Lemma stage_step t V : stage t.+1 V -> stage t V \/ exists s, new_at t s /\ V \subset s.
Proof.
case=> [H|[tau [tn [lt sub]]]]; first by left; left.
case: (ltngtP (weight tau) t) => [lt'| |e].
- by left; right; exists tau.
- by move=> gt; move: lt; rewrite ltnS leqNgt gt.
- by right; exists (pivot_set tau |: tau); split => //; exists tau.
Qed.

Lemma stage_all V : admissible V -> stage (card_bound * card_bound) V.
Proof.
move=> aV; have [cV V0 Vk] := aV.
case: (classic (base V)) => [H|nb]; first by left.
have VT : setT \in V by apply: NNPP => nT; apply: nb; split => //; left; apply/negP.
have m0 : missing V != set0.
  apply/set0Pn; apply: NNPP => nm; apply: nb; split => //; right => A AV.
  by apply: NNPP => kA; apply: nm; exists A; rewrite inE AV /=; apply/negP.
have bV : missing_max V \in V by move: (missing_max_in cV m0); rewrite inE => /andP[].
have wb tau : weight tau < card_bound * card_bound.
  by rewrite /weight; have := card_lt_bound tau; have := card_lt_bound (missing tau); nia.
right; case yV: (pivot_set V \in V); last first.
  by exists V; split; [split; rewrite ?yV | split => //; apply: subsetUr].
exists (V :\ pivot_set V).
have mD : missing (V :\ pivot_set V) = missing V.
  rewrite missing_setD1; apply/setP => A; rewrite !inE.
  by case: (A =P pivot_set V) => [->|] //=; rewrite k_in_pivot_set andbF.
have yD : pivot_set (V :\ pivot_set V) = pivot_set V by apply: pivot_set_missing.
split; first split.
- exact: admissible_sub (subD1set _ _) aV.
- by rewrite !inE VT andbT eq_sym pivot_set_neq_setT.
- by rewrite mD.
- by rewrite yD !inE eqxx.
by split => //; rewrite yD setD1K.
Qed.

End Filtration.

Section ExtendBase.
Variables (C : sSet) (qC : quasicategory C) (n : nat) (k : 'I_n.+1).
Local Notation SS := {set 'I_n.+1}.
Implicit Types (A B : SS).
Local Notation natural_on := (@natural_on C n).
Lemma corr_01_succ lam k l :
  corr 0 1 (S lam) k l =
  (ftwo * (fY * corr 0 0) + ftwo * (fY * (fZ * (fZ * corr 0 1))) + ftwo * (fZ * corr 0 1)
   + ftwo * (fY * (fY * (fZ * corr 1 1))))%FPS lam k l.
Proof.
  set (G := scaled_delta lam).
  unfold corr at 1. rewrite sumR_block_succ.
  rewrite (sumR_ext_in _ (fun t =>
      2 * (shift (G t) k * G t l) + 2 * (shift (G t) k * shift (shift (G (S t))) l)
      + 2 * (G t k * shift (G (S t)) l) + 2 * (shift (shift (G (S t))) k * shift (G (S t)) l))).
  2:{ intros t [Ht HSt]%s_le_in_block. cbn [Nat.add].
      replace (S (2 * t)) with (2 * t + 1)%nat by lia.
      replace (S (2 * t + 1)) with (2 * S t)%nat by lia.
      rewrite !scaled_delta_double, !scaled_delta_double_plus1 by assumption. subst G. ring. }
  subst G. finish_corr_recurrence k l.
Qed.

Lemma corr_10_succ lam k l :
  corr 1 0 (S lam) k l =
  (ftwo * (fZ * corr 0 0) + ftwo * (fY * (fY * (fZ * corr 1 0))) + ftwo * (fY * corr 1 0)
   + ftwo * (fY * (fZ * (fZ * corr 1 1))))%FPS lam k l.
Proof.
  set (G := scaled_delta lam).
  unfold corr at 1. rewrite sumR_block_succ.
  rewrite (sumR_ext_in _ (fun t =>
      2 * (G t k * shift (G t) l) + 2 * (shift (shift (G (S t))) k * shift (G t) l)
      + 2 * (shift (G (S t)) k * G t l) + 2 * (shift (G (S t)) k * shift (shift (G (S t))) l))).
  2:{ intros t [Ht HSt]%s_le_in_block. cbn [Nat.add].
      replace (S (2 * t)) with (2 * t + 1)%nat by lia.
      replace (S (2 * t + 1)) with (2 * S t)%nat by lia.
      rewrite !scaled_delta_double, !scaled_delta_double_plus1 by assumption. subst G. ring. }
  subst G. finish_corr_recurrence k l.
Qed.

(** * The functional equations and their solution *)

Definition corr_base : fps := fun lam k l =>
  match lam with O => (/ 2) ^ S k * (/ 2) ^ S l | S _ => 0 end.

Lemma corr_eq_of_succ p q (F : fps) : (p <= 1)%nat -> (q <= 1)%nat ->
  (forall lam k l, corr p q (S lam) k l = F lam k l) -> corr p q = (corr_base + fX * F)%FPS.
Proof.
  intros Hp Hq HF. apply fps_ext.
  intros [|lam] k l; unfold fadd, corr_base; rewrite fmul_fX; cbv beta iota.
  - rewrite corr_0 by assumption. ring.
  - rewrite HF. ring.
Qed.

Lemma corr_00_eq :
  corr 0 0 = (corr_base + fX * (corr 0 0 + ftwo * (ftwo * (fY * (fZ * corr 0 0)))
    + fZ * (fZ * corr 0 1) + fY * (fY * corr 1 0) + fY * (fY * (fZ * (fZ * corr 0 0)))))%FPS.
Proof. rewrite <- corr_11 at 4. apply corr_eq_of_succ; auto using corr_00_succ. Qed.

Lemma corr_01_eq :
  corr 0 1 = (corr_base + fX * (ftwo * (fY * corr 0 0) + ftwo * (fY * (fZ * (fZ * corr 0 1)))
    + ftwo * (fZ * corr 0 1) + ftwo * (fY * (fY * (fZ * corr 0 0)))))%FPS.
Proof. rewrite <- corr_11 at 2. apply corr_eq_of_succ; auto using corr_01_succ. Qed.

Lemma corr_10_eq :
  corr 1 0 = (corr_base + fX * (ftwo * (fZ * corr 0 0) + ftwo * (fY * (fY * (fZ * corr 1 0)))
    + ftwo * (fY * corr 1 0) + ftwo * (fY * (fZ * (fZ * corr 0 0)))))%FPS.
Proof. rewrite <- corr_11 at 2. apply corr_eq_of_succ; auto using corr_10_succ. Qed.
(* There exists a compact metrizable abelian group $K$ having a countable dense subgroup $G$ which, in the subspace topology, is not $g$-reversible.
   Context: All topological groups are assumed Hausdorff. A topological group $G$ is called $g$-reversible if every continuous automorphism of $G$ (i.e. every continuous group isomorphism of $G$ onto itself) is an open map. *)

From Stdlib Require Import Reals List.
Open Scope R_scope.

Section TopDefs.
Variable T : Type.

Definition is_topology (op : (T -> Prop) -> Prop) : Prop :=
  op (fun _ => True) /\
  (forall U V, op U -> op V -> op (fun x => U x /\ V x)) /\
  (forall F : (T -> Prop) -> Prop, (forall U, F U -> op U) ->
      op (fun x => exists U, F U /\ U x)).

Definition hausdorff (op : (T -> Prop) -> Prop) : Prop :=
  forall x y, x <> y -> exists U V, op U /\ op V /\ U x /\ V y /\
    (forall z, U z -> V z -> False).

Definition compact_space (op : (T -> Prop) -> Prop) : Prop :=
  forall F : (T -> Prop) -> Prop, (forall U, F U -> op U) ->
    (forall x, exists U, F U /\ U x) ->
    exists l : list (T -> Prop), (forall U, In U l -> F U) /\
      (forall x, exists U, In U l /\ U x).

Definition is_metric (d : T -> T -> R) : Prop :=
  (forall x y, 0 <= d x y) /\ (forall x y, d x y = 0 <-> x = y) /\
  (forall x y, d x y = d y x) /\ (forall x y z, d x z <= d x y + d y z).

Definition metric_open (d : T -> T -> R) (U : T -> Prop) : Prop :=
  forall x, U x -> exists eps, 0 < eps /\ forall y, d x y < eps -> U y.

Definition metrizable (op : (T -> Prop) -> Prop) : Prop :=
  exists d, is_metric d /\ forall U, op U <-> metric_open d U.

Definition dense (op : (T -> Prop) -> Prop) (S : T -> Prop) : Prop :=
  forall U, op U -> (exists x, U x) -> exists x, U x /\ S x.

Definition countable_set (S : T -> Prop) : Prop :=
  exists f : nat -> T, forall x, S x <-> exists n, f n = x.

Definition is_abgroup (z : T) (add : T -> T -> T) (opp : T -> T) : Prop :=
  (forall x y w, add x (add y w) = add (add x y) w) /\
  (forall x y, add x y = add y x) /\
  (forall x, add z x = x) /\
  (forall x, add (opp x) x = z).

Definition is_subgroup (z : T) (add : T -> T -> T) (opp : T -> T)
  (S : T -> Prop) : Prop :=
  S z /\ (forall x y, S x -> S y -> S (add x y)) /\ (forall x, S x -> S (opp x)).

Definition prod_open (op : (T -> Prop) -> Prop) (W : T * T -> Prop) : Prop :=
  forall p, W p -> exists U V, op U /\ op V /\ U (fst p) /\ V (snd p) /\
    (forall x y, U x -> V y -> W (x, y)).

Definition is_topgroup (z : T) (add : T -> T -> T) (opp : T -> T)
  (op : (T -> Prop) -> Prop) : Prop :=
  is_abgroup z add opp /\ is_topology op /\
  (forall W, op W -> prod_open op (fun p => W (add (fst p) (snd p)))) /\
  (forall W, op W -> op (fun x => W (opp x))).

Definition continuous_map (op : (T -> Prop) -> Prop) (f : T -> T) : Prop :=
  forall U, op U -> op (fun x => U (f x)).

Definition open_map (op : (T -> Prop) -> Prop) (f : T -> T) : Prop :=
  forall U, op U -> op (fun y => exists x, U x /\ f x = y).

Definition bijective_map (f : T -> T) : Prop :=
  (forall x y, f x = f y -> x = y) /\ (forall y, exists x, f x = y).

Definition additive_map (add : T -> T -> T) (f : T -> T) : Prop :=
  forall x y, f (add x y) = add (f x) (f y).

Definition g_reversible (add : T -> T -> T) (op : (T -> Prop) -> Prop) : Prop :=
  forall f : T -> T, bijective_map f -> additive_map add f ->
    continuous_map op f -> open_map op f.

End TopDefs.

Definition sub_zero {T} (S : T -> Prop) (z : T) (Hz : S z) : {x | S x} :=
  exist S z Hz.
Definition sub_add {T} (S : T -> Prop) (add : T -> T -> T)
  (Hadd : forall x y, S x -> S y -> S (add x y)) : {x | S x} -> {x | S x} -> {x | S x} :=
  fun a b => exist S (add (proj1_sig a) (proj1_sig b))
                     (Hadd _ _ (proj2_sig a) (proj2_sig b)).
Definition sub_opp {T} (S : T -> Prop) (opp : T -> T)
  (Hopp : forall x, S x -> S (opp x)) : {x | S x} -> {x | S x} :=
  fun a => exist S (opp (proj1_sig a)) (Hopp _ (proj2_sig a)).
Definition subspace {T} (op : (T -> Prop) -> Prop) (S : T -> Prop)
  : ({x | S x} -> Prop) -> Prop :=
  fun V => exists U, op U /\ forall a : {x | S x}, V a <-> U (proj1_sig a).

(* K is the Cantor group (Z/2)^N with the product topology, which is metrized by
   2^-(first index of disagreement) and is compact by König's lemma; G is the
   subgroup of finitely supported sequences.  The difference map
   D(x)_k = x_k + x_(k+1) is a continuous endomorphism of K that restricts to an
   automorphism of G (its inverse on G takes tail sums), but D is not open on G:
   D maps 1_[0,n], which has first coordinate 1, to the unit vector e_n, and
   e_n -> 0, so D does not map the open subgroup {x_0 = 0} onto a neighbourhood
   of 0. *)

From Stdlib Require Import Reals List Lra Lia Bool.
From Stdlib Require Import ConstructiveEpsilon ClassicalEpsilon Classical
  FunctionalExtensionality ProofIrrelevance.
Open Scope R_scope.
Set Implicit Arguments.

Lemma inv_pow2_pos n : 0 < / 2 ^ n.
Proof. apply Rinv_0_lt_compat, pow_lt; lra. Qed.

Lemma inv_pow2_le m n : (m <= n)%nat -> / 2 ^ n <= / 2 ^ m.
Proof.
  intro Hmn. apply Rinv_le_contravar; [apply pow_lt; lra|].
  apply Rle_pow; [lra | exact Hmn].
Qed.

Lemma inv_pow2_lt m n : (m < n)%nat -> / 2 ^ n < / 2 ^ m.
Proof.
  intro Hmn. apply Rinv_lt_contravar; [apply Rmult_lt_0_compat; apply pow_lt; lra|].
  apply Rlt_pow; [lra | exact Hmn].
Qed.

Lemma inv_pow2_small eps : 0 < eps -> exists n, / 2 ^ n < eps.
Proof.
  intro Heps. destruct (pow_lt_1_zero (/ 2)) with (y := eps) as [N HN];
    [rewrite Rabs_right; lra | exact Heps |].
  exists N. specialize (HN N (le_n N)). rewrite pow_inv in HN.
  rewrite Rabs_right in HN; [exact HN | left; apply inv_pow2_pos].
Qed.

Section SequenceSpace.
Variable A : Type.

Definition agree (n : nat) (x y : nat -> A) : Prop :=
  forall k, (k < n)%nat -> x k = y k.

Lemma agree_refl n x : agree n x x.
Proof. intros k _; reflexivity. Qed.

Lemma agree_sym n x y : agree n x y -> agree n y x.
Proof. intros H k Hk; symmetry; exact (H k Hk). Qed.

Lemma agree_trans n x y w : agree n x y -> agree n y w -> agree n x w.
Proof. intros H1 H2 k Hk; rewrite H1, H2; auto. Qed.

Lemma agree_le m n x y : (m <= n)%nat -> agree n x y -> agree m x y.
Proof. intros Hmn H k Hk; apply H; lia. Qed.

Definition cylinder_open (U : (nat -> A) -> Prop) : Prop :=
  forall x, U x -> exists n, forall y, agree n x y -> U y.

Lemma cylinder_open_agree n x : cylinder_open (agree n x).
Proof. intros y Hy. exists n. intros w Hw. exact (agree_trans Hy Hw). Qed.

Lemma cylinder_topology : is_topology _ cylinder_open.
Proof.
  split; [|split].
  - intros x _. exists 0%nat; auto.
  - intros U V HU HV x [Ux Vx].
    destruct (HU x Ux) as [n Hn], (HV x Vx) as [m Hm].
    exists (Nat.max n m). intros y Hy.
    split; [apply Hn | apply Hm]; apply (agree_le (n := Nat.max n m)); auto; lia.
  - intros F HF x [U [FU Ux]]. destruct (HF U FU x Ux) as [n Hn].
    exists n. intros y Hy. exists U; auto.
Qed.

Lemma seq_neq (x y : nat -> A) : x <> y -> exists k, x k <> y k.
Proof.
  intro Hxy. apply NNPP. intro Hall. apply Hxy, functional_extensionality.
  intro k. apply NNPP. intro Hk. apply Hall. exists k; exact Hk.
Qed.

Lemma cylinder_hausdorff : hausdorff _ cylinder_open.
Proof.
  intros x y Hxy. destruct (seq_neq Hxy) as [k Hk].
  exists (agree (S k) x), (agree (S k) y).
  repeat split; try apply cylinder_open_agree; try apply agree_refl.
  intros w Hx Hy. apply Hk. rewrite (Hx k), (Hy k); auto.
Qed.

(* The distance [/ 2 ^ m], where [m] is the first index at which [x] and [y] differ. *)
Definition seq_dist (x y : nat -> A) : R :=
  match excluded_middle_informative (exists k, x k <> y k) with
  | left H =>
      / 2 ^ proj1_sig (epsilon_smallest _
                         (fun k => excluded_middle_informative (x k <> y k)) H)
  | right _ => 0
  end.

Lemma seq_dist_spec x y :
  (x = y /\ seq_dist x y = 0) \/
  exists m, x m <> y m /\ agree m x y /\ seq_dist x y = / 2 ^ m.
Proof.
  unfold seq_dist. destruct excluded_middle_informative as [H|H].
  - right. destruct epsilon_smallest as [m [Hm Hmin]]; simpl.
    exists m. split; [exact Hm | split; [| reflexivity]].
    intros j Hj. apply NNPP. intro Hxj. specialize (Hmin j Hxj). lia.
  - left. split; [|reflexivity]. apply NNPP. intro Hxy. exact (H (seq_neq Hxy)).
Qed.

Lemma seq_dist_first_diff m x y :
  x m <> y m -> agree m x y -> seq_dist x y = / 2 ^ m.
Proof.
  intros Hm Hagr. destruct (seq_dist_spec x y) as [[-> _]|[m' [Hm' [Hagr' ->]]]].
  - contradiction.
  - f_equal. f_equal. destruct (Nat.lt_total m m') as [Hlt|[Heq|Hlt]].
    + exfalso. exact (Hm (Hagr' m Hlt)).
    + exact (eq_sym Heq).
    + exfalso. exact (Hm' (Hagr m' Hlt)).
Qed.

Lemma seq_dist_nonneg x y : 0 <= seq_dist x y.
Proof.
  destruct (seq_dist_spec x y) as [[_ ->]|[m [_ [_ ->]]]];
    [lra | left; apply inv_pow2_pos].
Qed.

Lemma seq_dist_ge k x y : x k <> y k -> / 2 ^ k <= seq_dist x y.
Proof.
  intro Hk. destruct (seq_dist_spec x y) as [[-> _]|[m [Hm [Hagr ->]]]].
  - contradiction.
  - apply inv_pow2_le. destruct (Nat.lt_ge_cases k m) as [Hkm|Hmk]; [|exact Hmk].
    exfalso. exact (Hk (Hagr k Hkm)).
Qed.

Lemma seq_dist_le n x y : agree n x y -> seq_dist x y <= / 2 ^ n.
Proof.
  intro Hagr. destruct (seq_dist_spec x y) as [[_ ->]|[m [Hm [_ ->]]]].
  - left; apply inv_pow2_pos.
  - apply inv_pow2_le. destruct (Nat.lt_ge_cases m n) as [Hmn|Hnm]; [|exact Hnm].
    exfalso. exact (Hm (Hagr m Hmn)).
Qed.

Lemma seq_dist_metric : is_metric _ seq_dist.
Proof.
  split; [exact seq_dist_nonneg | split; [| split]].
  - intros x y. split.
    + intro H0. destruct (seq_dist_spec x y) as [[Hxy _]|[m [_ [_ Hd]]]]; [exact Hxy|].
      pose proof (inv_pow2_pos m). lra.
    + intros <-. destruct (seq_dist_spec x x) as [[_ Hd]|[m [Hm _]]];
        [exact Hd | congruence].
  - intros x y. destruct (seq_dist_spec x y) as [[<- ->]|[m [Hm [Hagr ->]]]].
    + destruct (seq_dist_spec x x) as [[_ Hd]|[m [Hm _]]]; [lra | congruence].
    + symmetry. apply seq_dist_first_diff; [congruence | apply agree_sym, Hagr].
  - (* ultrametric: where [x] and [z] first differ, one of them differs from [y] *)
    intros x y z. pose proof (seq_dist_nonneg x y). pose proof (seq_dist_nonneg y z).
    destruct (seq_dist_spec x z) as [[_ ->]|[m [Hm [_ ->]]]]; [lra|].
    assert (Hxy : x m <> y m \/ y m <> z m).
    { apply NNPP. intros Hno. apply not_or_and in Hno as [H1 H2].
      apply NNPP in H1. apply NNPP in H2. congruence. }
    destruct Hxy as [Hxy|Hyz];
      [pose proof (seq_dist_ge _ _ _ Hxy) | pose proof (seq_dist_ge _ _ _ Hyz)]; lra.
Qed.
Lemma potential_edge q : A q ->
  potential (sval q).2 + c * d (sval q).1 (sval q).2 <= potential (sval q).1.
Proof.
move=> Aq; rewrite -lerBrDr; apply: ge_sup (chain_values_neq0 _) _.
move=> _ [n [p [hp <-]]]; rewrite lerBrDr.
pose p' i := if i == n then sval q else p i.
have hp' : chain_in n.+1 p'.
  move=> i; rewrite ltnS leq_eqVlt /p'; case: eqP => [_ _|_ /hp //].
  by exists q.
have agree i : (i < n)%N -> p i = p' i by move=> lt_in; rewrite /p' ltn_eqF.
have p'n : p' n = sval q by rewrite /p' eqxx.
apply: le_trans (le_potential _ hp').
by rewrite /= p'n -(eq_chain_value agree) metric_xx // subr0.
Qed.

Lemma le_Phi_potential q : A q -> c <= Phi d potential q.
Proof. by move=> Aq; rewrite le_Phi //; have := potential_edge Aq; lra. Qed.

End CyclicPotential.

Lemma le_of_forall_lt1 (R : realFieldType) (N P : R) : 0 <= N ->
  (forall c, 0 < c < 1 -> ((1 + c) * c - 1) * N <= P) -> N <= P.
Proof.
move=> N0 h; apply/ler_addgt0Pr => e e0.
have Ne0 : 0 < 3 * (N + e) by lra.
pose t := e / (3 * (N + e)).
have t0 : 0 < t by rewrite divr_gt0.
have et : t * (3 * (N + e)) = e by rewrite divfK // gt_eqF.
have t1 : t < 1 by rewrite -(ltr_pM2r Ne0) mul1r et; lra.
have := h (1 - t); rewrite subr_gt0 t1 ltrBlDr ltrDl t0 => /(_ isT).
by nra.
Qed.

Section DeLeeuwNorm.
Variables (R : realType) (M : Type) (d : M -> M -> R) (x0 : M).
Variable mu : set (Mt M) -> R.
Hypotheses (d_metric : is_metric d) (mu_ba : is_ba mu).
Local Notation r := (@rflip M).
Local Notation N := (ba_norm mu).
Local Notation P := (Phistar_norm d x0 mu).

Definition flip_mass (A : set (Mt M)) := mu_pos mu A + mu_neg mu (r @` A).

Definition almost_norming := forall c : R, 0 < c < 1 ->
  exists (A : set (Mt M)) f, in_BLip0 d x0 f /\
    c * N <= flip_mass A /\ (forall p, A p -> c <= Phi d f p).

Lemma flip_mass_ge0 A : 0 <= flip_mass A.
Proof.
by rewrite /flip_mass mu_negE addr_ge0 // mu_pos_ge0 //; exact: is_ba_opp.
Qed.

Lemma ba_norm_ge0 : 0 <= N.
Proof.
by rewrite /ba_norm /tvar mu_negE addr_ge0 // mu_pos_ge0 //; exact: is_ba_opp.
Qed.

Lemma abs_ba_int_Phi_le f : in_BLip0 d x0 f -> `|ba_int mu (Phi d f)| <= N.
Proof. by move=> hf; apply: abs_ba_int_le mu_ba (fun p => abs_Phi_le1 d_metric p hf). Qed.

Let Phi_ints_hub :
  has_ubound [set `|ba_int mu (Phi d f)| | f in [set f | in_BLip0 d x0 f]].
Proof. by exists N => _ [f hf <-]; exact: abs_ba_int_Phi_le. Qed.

**PROBLEM STATEMENT**
Reproduce the lines above, beginning at the line with "From Stdlib Require Import Reals List Lra" and stopping after the line with "Variable A : Type.", exactly as they are.

**EXERCISE RESPONSE**
From Stdlib Require Import Reals List Lra Lia Bool.
From Stdlib Require Import ConstructiveEpsilon ClassicalEpsilon Classical
  FunctionalExtensionality ProofIrrelevance.
Open Scope R_scope.
Set Implicit Arguments.

Lemma inv_pow2_pos n : 0 < / 2 ^ n.
Proof. apply Rinv_0_lt_compat, pow_lt; lra. Qed.

Lemma inv_pow2_le m n : (m <= n)%nat -> / 2 ^ n <= / 2 ^ m.
Proof.
  intro Hmn. apply Rinv_le_contravar; [apply pow_lt; lra|].
  apply Rle_pow; [lra | exact Hmn].
Qed.

Lemma inv_pow2_lt m n : (m < n)%nat -> / 2 ^ n < / 2 ^ m.
Proof.
  intro Hmn. apply Rinv_lt_contravar; [apply Rmult_lt_0_compat; apply pow_lt; lra|].
  apply Rlt_pow; [lra | exact Hmn].
Qed.

Lemma inv_pow2_small eps : 0 < eps -> exists n, / 2 ^ n < eps.
Proof.
  intro Heps. destruct (pow_lt_1_zero (/ 2)) with (y := eps) as [N HN];
    [rewrite Rabs_right; lra | exact Heps |].
  exists N. specialize (HN N (le_n N)). rewrite pow_inv in HN.
  rewrite Rabs_right in HN; [exact HN | left; apply inv_pow2_pos].
Qed.

Section SequenceSpace.
Variable A : Type.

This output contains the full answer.